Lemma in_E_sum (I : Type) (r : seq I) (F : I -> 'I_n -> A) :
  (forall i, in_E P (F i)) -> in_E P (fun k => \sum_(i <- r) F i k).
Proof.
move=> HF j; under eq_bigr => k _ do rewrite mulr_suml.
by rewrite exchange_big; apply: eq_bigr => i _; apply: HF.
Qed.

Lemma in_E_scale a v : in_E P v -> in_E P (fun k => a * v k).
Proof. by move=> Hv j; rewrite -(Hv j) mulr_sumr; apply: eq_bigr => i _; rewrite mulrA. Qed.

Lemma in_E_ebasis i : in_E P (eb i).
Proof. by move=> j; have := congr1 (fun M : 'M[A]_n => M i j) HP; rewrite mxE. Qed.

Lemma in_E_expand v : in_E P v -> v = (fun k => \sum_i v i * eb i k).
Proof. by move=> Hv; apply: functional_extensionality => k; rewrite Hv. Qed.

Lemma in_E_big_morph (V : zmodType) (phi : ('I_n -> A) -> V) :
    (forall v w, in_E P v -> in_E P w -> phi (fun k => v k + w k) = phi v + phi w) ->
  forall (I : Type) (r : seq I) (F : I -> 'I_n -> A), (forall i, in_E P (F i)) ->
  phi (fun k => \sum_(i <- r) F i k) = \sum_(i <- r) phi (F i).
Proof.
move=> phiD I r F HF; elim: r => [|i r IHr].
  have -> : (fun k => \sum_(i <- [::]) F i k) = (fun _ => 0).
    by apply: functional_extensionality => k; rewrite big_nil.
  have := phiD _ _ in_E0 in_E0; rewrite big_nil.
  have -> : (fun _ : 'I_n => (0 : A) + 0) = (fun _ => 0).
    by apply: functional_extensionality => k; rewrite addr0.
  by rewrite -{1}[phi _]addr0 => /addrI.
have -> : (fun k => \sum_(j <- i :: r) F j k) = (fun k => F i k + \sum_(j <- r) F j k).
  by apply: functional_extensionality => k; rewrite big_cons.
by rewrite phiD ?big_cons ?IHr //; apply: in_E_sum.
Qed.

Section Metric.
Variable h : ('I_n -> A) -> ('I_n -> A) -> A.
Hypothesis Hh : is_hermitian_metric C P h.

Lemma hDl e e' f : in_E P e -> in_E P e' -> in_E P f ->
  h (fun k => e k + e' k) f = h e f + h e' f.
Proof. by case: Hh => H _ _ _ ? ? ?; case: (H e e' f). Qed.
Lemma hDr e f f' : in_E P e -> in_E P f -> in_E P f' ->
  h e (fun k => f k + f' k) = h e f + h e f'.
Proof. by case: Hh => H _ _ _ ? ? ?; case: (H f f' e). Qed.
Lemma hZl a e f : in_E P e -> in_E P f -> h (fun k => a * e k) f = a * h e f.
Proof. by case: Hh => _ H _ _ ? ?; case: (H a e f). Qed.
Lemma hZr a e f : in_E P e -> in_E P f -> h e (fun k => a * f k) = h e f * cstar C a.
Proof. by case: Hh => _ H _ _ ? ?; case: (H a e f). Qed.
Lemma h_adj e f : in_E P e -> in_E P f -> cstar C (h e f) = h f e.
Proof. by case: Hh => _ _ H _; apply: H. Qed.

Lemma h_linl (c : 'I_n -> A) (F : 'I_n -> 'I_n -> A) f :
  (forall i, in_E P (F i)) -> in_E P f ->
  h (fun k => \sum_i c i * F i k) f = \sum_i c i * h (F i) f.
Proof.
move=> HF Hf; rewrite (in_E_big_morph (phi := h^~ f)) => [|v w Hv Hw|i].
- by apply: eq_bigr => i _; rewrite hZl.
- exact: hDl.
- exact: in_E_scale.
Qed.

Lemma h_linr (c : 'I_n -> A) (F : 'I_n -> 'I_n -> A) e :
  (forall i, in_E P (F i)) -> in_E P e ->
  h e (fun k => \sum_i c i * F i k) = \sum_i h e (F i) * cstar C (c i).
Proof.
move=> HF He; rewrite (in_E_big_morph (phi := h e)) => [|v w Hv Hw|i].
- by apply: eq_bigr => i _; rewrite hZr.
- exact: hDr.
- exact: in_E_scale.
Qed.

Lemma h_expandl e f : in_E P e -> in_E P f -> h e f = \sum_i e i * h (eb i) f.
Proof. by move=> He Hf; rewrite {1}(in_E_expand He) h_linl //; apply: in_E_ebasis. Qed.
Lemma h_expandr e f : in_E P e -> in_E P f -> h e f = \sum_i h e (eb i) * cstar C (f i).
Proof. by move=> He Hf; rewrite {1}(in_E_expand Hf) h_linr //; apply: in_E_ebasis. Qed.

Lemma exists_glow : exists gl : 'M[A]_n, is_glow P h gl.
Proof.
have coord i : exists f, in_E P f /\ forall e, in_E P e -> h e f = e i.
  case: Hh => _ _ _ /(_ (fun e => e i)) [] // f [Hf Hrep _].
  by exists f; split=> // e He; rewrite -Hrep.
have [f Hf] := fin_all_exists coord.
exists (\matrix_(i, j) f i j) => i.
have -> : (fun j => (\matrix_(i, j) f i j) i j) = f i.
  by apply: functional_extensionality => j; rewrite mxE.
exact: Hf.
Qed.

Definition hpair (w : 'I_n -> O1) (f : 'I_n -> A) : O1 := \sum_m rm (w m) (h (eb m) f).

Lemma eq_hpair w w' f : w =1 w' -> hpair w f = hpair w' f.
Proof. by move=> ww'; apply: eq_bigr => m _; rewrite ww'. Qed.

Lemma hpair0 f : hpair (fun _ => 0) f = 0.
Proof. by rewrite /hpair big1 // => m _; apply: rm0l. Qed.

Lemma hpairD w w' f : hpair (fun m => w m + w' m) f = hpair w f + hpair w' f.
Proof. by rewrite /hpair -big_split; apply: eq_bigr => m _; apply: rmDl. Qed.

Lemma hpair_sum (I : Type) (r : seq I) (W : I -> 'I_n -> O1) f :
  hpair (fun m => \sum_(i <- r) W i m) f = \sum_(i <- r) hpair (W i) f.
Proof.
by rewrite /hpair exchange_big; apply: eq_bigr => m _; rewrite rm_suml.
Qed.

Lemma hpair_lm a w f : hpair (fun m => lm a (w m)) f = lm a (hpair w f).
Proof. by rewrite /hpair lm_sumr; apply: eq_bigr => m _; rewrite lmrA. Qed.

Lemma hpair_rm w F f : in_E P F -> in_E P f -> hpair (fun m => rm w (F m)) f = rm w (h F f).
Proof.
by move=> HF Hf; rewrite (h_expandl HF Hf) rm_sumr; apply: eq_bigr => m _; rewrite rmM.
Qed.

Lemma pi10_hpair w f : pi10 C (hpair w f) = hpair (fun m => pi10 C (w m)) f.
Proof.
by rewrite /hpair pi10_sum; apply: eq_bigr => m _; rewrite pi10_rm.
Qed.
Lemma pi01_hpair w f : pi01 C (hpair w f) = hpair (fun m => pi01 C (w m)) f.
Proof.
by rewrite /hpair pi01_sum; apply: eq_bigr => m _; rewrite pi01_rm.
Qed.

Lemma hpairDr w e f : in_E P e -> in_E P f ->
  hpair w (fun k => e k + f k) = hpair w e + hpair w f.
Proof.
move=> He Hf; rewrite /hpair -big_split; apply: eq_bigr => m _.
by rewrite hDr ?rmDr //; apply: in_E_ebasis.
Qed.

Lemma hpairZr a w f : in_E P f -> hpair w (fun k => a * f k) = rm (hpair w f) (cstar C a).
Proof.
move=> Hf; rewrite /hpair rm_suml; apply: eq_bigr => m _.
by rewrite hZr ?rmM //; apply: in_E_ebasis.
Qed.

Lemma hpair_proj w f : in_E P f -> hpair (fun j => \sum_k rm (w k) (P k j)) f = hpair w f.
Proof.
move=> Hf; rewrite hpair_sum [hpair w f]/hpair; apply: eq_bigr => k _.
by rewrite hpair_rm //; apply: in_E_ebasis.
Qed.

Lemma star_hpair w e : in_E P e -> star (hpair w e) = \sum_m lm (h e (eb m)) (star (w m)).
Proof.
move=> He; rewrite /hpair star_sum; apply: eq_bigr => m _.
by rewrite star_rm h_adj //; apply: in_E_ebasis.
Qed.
--- --- ---
- PROBLEM STATEMENT -
Starting at the line that contains "Proof. by case: Hh => _ _ H _; apply: H. Qed." and stopping after the line that contains "Definition hpair (w", write out every line exactly as it appears above, and no other line.

- TASK ANSWER -
Proof. by case: Hh => _ _ H _; apply: H. Qed.

Lemma h_linl (c : 'I_n -> A) (F : 'I_n -> 'I_n -> A) f :
  (forall i, in_E P (F i)) -> in_E P f ->
  h (fun k => \sum_i c i * F i k) f = \sum_i c i * h (F i) f.
Proof.
move=> HF Hf; rewrite (in_E_big_morph (phi := h^~ f)) => [|v w Hv Hw|i].
- by apply: eq_bigr => i _; rewrite hZl.
- exact: hDl.
- exact: in_E_scale.
Qed.

Lemma h_linr (c : 'I_n -> A) (F : 'I_n -> 'I_n -> A) e :
  (forall i, in_E P (F i)) -> in_E P e ->
  h e (fun k => \sum_i c i * F i k) = \sum_i h e (F i) * cstar C (c i).
Proof.
move=> HF He; rewrite (in_E_big_morph (phi := h e)) => [|v w Hv Hw|i].
- by apply: eq_bigr => i _; rewrite hZr.
- exact: hDr.
- exact: in_E_scale.
Qed.

Lemma h_expandl e f : in_E P e -> in_E P f -> h e f = \sum_i e i * h (eb i) f.
Proof. by move=> He Hf; rewrite {1}(in_E_expand He) h_linl //; apply: in_E_ebasis. Qed.
Lemma h_expandr e f : in_E P e -> in_E P f -> h e f = \sum_i h e (eb i) * cstar C (f i).
Proof. by move=> He Hf; rewrite {1}(in_E_expand Hf) h_linr //; apply: in_E_ebasis. Qed.

Lemma exists_glow : exists gl : 'M[A]_n, is_glow P h gl.
Proof.
have coord i : exists f, in_E P f /\ forall e, in_E P e -> h e f = e i.
  case: Hh => _ _ _ /(_ (fun e => e i)) [] // f [Hf Hrep _].
  by exists f; split=> // e He; rewrite -Hrep.
have [f Hf] := fin_all_exists coord.
exists (\matrix_(i, j) f i j) => i.
have -> : (fun j => (\matrix_(i, j) f i j) i j) = f i.
  by apply: functional_extensionality => j; rewrite mxE.
exact: Hf.
Qed.

Definition hpair (w : 'I_n -> O1) (f : 'I_n -> A) : O1 := \sum_m rm (w m) (h (eb m) f).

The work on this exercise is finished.